(Saved entries)
= = = = =

(* Let $E$ be a normed space over $\mathbb{K}\in\{\mathbb{R},\mathbb{C}\}$ and let $P:E\to\mathbb{K}$ be a polynomial on $E$ (not assumed continuous), i.e. $P=P_0+P_1+\cdots+P_n$ for some $n\in\mathbb{N}$, where $P_0$ is a constant function and each $P_k$ ($1\le k\le n$) is a $k$-homogeneous polynomial. Then $P$ is continuous if and only if $P(K)$ is compact for every compact set $K\subset E$.
   Context: A map $Q:E\to\mathbb{K}$ is a $k$-homogeneous polynomial if there is a symmetric $k$-linear mapping $L:E^k\to\mathbb{K}$ (not necessarily continuous) with $Q(x)=L(x,\ldots,x)$ for all $x\in E$. *)

From HB Require Import structures.
From mathcomp Require Import all_boot all_order all_algebra all_fingroup.
From mathcomp Require Import all_classical all_reals all_analysis.
From mathcomp Require Export complex.
Set Implicit Arguments. Unset Strict Implicit. Unset Printing Implicit Defensive.
Import Order.TTheory GRing.Theory Num.Theory.
Import numFieldNormedType.Exports.
Local Open Scope ring_scope.
Local Open Scope classical_set_scope.

Definition upd_arg (E : Type) (k : nat) (v : 'I_k -> E) (i : 'I_k) (x : E) : 'I_k -> E :=
  fun j => if j == i then x else v j.

Definition multilinear (K : numFieldType) (E : lmodType K) (k : nat)
  (L : ('I_k -> E) -> K) : Prop :=
  forall (v : 'I_k -> E) (i : 'I_k) (a : K) (x y : E),
    L (upd_arg v i (a *: x + y)) = a * L (upd_arg v i x) + L (upd_arg v i y).

Definition symmetric_map (K : Type) (E : Type) (k : nat)
  (L : ('I_k -> E) -> K) : Prop :=
  forall (s : 'S_k) (v : 'I_k -> E), L (fun j => v (s j)) = L v.

Definition homogeneous_poly (K : numFieldType) (E : lmodType K) (k : nat)
  (Q : E -> K) : Prop :=
  exists L : ('I_k -> E) -> K,
    [/\ multilinear L, symmetric_map L & forall x, Q x = L (fun _ => x)].

Definition is_polynomial (K : numFieldType) (E : lmodType K) (P : E -> K) : Prop :=
  exists (n : nat) (c : K) (Q : nat -> E -> K),
    (forall k, (1 <= k <= n)%N -> homogeneous_poly k (Q k)) /\
    (forall x, P x = c + \sum_(1 <= k < n.+1) Q k x).

Definition poly_cont_iff_compact_images (K : numFieldType) : Prop :=
  forall (E : normedModType K) (P : E -> K),
    is_polynomial P ->
    (continuous P <-> (forall A : set E, compact A -> compact (P @` A))).

(* Along every affine line t |-> a + t h, a polynomial of degree n is a
   polynomial of degree at most n in t.  If P is bounded by M on a ball around
   a, Lagrange interpolation at the nodes 0, 1, ..., n of suitably rescaled
   lines through a yields |P y - P a| <= M om(|y - a|) for a fixed modulus om
   vanishing at 0, so P is continuous at a.  Otherwise P is unbounded on every
   ball around a, and there are x_m -> a with |P x_m| > m; then {a} U {x_m} is
   compact while its image is unbounded. *)
From HB Require Import structures.
From mathcomp Require Import all_boot all_order all_algebra all_fingroup.
From mathcomp Require Import all_classical all_reals all_analysis.
From mathcomp Require Import complex.
Set Implicit Arguments. Unset Strict Implicit. Unset Printing Implicit Defensive.
Import Order.TTheory GRing.Theory Num.Theory.
Import numFieldNormedType.Exports.
Local Open Scope ring_scope.
Local Open Scope classical_set_scope.

Section PolynomialFunctions.
Variable K : numFieldType.

Definition polyfun_le (d : nat) (g : K -> K) :=
  exists2 p : {poly K}, (size p <= d.+1)%N & forall t, g t = p.[t].

Lemma eq_polyfun_le d (g g' : K -> K) :
  g =1 g' -> polyfun_le d g -> polyfun_le d g'.
Proof. by move=> gg' [p sp gp]; exists p => // t; rewrite -gg'. Qed.

Lemma polyfun_le_widen d d' g : (d <= d')%N -> polyfun_le d g -> polyfun_le d' g.
Proof. by move=> dd' [p sp gp]; exists p => //; apply: leq_trans sp _. Qed.

Lemma polyfun_le_cst d c : polyfun_le d (fun=> c).
Proof.
exists c%:P => [|t]; last by rewrite hornerC.
exact: leq_trans (size_polyC_leq1 _) _.
Qed.

Lemma polyfun_leD d g1 g2 :
  polyfun_le d g1 -> polyfun_le d g2 -> polyfun_le d (fun t => g1 t + g2 t).
Proof.
move=> [p1 s1 e1] [p2 s2 e2]; exists (p1 + p2) => [|t].
  by rewrite (leq_trans (size_polyD _ _)) // geq_max s1 s2.
by rewrite hornerD -e1 -e2.
Qed.

Lemma polyfun_le_mulX d g : polyfun_le d g -> polyfun_le d.+1 (fun t => t * g t).
Proof.
move=> [p sp gp]; exists (p * 'X) => [|t]; last by rewrite hornerMX gp mulrC.
by rewrite (leq_trans (size_polyMleq _ _)) // size_polyX addn2.
Qed.

Lemma polyfun_le_sum d (I : eqType) (r : seq I) (P : pred I) (g : I -> K -> K) :
  {in r, forall i, P i -> polyfun_le d (g i)} ->
  polyfun_le d (fun t => \sum_(i <- r | P i) g i t).
Proof.
elim: r => [|i r IHr] gd.
  by apply: eq_polyfun_le (polyfun_le_cst d 0) => t; rewrite big_nil.
apply: (@eq_polyfun_le _ (fun t => (if P i then g i t else 0)
                                   + \sum_(j <- r | P j) g j t)).
  by move=> t; rewrite big_cons; case: (P i); rewrite ?add0r.
apply: polyfun_leD; last by apply: IHr => j jr; apply: gd; rewrite inE jr orbT.
case Pi: (P i); last exact: polyfun_le_cst.
exact: gd (mem_head _ _) Pi.
Qed.

Lemma horner_continuous (p : {poly K}) : continuous (horner p).
Proof.
elim/poly_ind: p => [|p c IHp] x.
  rewrite (_ : horner 0 = fun=> 0); first exact: (@cvg_cst _ _ _ (nbhs x) _).
  by apply/funext => y; rewrite horner0.
rewrite (_ : horner _ = fun y => p.[y] * y + c); last first.
  by apply/funext => y; rewrite hornerMXaddC.
apply: (@cvgD _ _ _ (nbhs x)); last exact: (@cvg_cst _ _ _ (nbhs x) _).
by apply: (@cvgM _ _ (nbhs x)); [exact: IHp | exact: cvg_id].
Qed.

(* The modulus is om t = \sum_i |l_i(t) - l_i(0)| for the Lagrange basis
   l_0, ..., l_n at the nodes 0, 1, ..., n. *)
Lemma polyfun_le_increment_bound n : exists om : K -> K,
  [/\ om t @[t --> 0] --> 0, forall t, 0 <= om t &
      forall g M, polyfun_le n g -> (forall i : 'I_n.+1, `|g i%:R| <= M) ->
      forall t, `|g t - g 0| <= M * om t].
Proof.
pose l i := tnth (lagrange n.+1 (fun k : nat => k%:R : K)) i.
have natr_inj : injective (fun k : nat => k%:R : K).
  by move=> j k /eqP; rewrite eqr_nat => /eqP.
have interp (p : {poly K}) : (size p <= n.+1)%N ->
    forall t, p.[t] = \sum_(i < n.+1) p.[i%:R] * (l i).[t].
  move=> sp t; rewrite {1}(lagrange_gen (ltn0Sn n) natr_inj sp) horner_sum.
  by apply: eq_bigr => i _; rewrite hornerM hornerC.
exists (fun t => \sum_(i < n.+1) `|(l i).[t] - (l i).[0]|); split.
- have sum0 : \sum_(i < n.+1) `|(l i).[0] - (l i).[0]| = 0 :> K.
    by rewrite big1 // => i _; rewrite subrr normr0.
  suff : (\sum_(i < n.+1) `|(l i).[t] - (l i).[0]|) @[t --> 0] -->
         \sum_(i < n.+1) `|(l i).[0] - (l i).[0]| by rewrite sum0.
  apply: (@cvg_big _ _ _ _ _ add_continuous _ (nbhs (0 : K))) => i _.
  by apply: cvg_norm; apply: cvgB; [exact: horner_continuous | exact: cvg_cst].
- by move=> t; apply: sumr_ge0.
- move=> g M [p sp gp] gM t.
  rewrite !gp (interp p sp t) (interp p sp 0) -sumrB mulr_sumr.
  apply: le_trans (ler_norm_sum _ _ _) (ler_sum _ _) => i _.
  rewrite -mulrBr normrM ler_wpM2r // -gp; exact: gM.
Qed.

End PolynomialFunctions.

Section MultilinearAlongLines.
Variables (K : numFieldType) (E : lmodType K) (k : nat) (L : ('I_k -> E) -> K).
Hypothesis L_multilinear : multilinear L.
Variables (a h : E).

Let first_on_line (m : nat) (t : K) (u : 'I_k -> E) : 'I_k -> E :=
  fun j => if (j < m)%N then a + t *: h else u j.

Lemma multilinear_first_on_lineS m t u (i : 'I_k) : val i = m ->
  L (first_on_line m.+1 t u) =
  t * L (first_on_line m t (upd_arg u i h))
  + L (first_on_line m t (upd_arg u i a)).
Proof.
move=> im.
have upd_first x :
    upd_arg (first_on_line m t u) i x = first_on_line m t (upd_arg u i x).
  apply/funext => j; rewrite /first_on_line /upd_arg.
  by case: eqVneq => [->|//]; rewrite im ltnn.
rewrite -!upd_first -L_multilinear; congr L; apply/funext => j.
rewrite /upd_arg /first_on_line ltnS leq_eqVlt -im.
case: (eqVneq j i) => [->|ne]; first by rewrite !eqxx addrC.
by rewrite val_eqE (negbTE ne).
Qed.

Lemma polyfun_le_first_on_line m : (m <= k)%N ->
  forall u, polyfun_le m (fun t => L (first_on_line m t u)).
Proof.
elim: m => [_ u|m IHm mk u].
  apply: eq_polyfun_le (polyfun_le_cst 0 (L u)) => t.
  by congr L; apply/funext.
apply: eq_polyfun_le (fun t => esym (multilinear_first_on_lineS t u
                                       (i := Ordinal mk) erefl)) _.
apply: polyfun_leD; first exact/polyfun_le_mulX/IHm/ltnW.
exact/(polyfun_le_widen (leqnSn m))/IHm/ltnW.
Qed.

Lemma polyfun_le_multilinear_diag : polyfun_le k (fun t => L (fun=> a + t *: h)).
Proof.
apply: eq_polyfun_le (polyfun_le_first_on_line (leqnn k) (fun=> a)) => t.
by congr L; apply/funext => j; rewrite /first_on_line ltn_ord.
Qed.

End MultilinearAlongLines.

Lemma polynomial_polyfun_line (K : numFieldType) (E : lmodType K) (P : E -> K) :
  is_polynomial P -> exists n, forall a h, polyfun_le n (fun t => P (a + t *: h)).
Proof.
move=> [n [c [Q [Q_hom PE]]]]; exists n => a h.
apply: eq_polyfun_le (fun t => esym (PE (a + t *: h))) _.
apply: polyfun_leD; first exact: polyfun_le_cst.
apply: polyfun_le_sum => j; rewrite mem_index_iota => jn _.
have [L [L_multilinear _ QL]] := Q_hom j jn.
apply: eq_polyfun_le (fun t => esym (QL _)) _.
apply: polyfun_le_widen (polyfun_le_multilinear_diag L_multilinear a h).
by case/andP: jn.
Qed.

Lemma cvg_of_ball_bounded (K : numFieldType) (E : normedModType K) (P : E -> K)
    n a r M :
  (forall a h, polyfun_le n (fun t => P (a + t *: h))) ->
  0 < r -> (forall y, ball a r y -> `|P y| <= M) -> P y @[y --> a] --> P a.
Proof.
move=> P_lines r0 PM.
have [om [om0 om_ge0 om_bound]] := polyfun_le_increment_bound K n.
pose rho := r / n.+1%:R.
have rho0 : 0 < rho by rewrite divr_gt0.
have M0 : 0 <= M := le_trans (normr_ge0 _) (PM a (ballxx a r0)).
have PaM y : `|P y - P a| <= M * om (`|y - a| / rho).
  have [->|ya] := eqVneq y a; first by rewrite subrr normr0 mulr_ge0.
  set t := `|y - a| / rho.
  have t0 : 0 < t by rewrite divr_gt0 // normr_gt0 subr_eq0.
  pose h := t^-1 *: (y - a).
  have normh : `|h| = rho.
    rewrite normrZ normfV gtr0_norm // /t invfM invrK mulrAC mulVf ?mul1r //.
    by rewrite normr_eq0 subr_eq0.
  have -> : P y = P (a + t *: h).
    by rewrite scalerA mulfV ?gt_eqF // scale1r addrC subrK.
  have -> : P a = P (a + 0 *: h) by rewrite scale0r addr0.
  apply: (om_bound (fun s => P (a + s *: h))) => // i; apply: PM.
  (* the nodes a + i h, i <= n, stay within distance n rho < r of a *)
  rewrite -ball_normE /= opprD addrA subrr add0r normrN normrZ normh normr_nat.
  rewrite /rho mulrA ltr_pdivrMr ?ltr0n // mulrC ltr_pM2l // ltr_nat.
  exact: ltn_ord.
have dist0 : `|y - a| / rho @[y --> a] --> `|a - a| / rho.
  apply: cvgM; last exact: cvg_cst.
  by apply: cvg_norm; apply: cvgB; [exact: cvg_id | exact: cvg_cst].
rewrite subrr normr0 mul0r in dist0.
have om_near : M * om (`|y - a| / rho) @[y --> a] --> 0.
  rewrite -(mulr0 M); apply: cvgM; first exact: cvg_cst.
  exact: cvg_comp dist0 om0.
apply/cvgrPdist_lt => e e0; move/cvgrPdist_lt: om_near => /(_ e e0).
apply: filterS => y; rewrite sub0r normrN ger0_norm ?mulr_ge0 // => lt_e.
by rewrite distrC; apply: le_lt_trans (PaM y) _.
Qed.

Lemma compact_cvg_range (T : topologicalType) (x : nat -> T) (a : T) :
  x @ \oo --> a -> compact ([set a] `|` range x).
Proof.
move=> xa F PF FA.
have [clFa|nclFa] := pselect (cluster F a); first by exists a; split => //; left.
have [B [C [FB Ca BC]]] :
    exists B C, [/\ F B, nbhs a C & forall z, B z -> ~ C z].
  apply: contrapT => nBC; apply: nclFa => B C FB Ca.
  apply: contrapT => nBC'; apply: nBC; exists B, C; split => // z Bz Cz.
  by apply: nBC'; exists z.
have [N _ xC] := xa C Ca.
(* F lives on the finitely many x m, m < N, which avoid the neighbourhood C *)
have F_init : F (x @` `I_N).
  apply: filterS (filterI FA FB) => _ [[->|[m _ <-]] Bz].
    by case: (BC a Bz (nbhs_singleton Ca)).
  have [mN|Nm] := ltnP m N; first by exists m.
  by case: (BC _ Bz (xC m Nm)).
have [_ [[m _ <-] clF]] :=
  finite_compact (finite_image x (finite_II N)) PF F_init.
by exists (x m); split => //; right; exists m.
Qed.

Definition archimedean_norm (K : numFieldType) :=
  forall z : K, exists m : nat, `|z| < m%:R.

Section Archimedean.
Variable K : numFieldType.
Hypothesis archK : archimedean_norm K.

Lemma compact_norm_bounded_nat (S : set K) : compact S ->
  exists N : nat, forall z, S z -> `|z| < N%:R.
Proof.
rewrite compact_cover => Sco.
have /Sco[] : S `<=` \bigcup_(m in [set: nat]) [set z : K | `|z| < m%:R].
  by move=> z _; have [m zm] := archK z; exists m.
  move=> m _; rewrite openE => z /= zm.
  apply/nbhs_ballP; exists (m%:R - `|z|) => [|w]; first by rewrite /= subr_gt0.
  rewrite -ball_normE /= ltrBrDr distrC; apply: le_lt_trans.
  by rewrite -{1}(subrK z w) ler_normD.
move=> D _ DS; exists (\max_(m <- finmap.enum_fset D) m)%N => z /DS[m Dm] /= zm.
apply: lt_le_trans zm _; rewrite ler_nat.
exact: (@leq_bigmax_seq _ (finmap.enum_fset D) xpredT id m Dm).
Qed.

Lemma cvg_ball_inv_succ (E : normedModType K) (x : nat -> E) (a : E) :
  (forall m, ball a m.+1%:R^-1 (x m)) -> x @ \oo --> a.
Proof.
move=> xa; apply/cvgrPdist_lt => e e0.
have [N Ne] := archK e^-1; exists N => // m /= Nm.
move: (xa m); rewrite -ball_normE /= => /lt_trans; apply.
rewrite -[ltRHS]invrK ltf_pV2 ?posrE ?ltr0n ?invr_gt0 //.
rewrite gtr0_norm ?invr_gt0 // in Ne.
by apply: lt_le_trans Ne _; rewrite ler_nat; exact: leqW.
Qed.

Lemma polynomial_continuous_compact_images (E : normedModType K) (P : E -> K) :
  is_polynomial P ->
  (continuous P <-> (forall A : set E, compact A -> compact (P @` A))).
Proof.
move=> /polynomial_polyfun_line[n P_lines]; split.
  move=> P_cont A A_compact; apply: continuous_compact => //.
  by apply: continuous_subspaceT => x; exact: P_cont.
move=> P_compact a.
have [[r [M [r0 PM]]]|P_unbounded] :=
  pselect (exists r M, 0 < r /\ forall y, ball a r y -> `|P y| <= M).
  exact: cvg_of_ball_bounded P_lines r0 PM.
have /choice[x xP] : forall m : nat,
    exists y, ball a m.+1%:R^-1 y /\ m%:R < `|P y|.
  move=> m; apply: contrapT => nx; apply: P_unbounded.
  exists m.+1%:R^-1, m%:R; split => [|y ay]; first by rewrite invr_gt0 ltr0n.
  rewrite real_leNgt ?realn ?normr_real //; apply/negP => Pym.
  by apply: nx; exists y.
have xa : x @ \oo --> a by apply: cvg_ball_inv_succ => m; exact: (xP m).1.
have [N PN] := compact_norm_bounded_nat (P_compact _ (compact_cvg_range xa)).
have /PN : (P @` ([set a] `|` range x)) (P (x N)).
  by exists (x N) => //; right; exists N.
by move/(lt_trans (xP N).2); rewrite ltxx.
Qed.

End Archimedean.

Lemma archimedean_norm_real (R : realType) : archimedean_norm R.
Proof.
by move=> z; exists (Num.truncn `|z|).+1; rewrite archimedean.Num.Theory.truncnS_gt.
Qed.

Lemma archimedean_norm_complex (R : realType) : archimedean_norm R[i].
Proof.
move=> z.
have [m zm] :=
  archimedean_norm_real (Num.sqrt (complex.Re z ^+ 2 + complex.Im z ^+ 2)).
exists m; rewrite normc_def -(rmorph_nat (real_complex R)) ltcR.
exact: le_lt_trans (ler_norm _) zm.
Qed.

Theorem theorem2p1 (R : realType) :
  poly_cont_iff_compact_images R /\ poly_cont_iff_compact_images R[i].
Proof.
split=> E P; apply: polynomial_continuous_compact_images.
  exact: archimedean_norm_real.
exact: archimedean_norm_complex.
Qed.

= = = = =

» **Aim of the exercise**
Among the entries above, the line containing "suff : (\sum_(i", the line containing "Lemma multilinear_first_on_lineS m", and all lines between them are to be restated word for word; nothing else belongs in the reply.

» **Task output**
  suff : (\sum_(i < n.+1) `|(l i).[t] - (l i).[0]|) @[t --> 0] -->
         \sum_(i < n.+1) `|(l i).[0] - (l i).[0]| by rewrite sum0.
  apply: (@cvg_big _ _ _ _ _ add_continuous _ (nbhs (0 : K))) => i _.
  by apply: cvg_norm; apply: cvgB; [exact: horner_continuous | exact: cvg_cst].
- by move=> t; apply: sumr_ge0.
- move=> g M [p sp gp] gM t.
  rewrite !gp (interp p sp t) (interp p sp 0) -sumrB mulr_sumr.
  apply: le_trans (ler_norm_sum _ _ _) (ler_sum _ _) => i _.
  rewrite -mulrBr normrM ler_wpM2r // -gp; exact: gM.
Qed.

End PolynomialFunctions.

Section MultilinearAlongLines.
Variables (K : numFieldType) (E : lmodType K) (k : nat) (L : ('I_k -> E) -> K).
Hypothesis L_multilinear : multilinear L.
Variables (a h : E).

Let first_on_line (m : nat) (t : K) (u : 'I_k -> E) : 'I_k -> E :=
  fun j => if (j < m)%N then a + t *: h else u j.

Lemma multilinear_first_on_lineS m t u (i : 'I_k) : val i = m ->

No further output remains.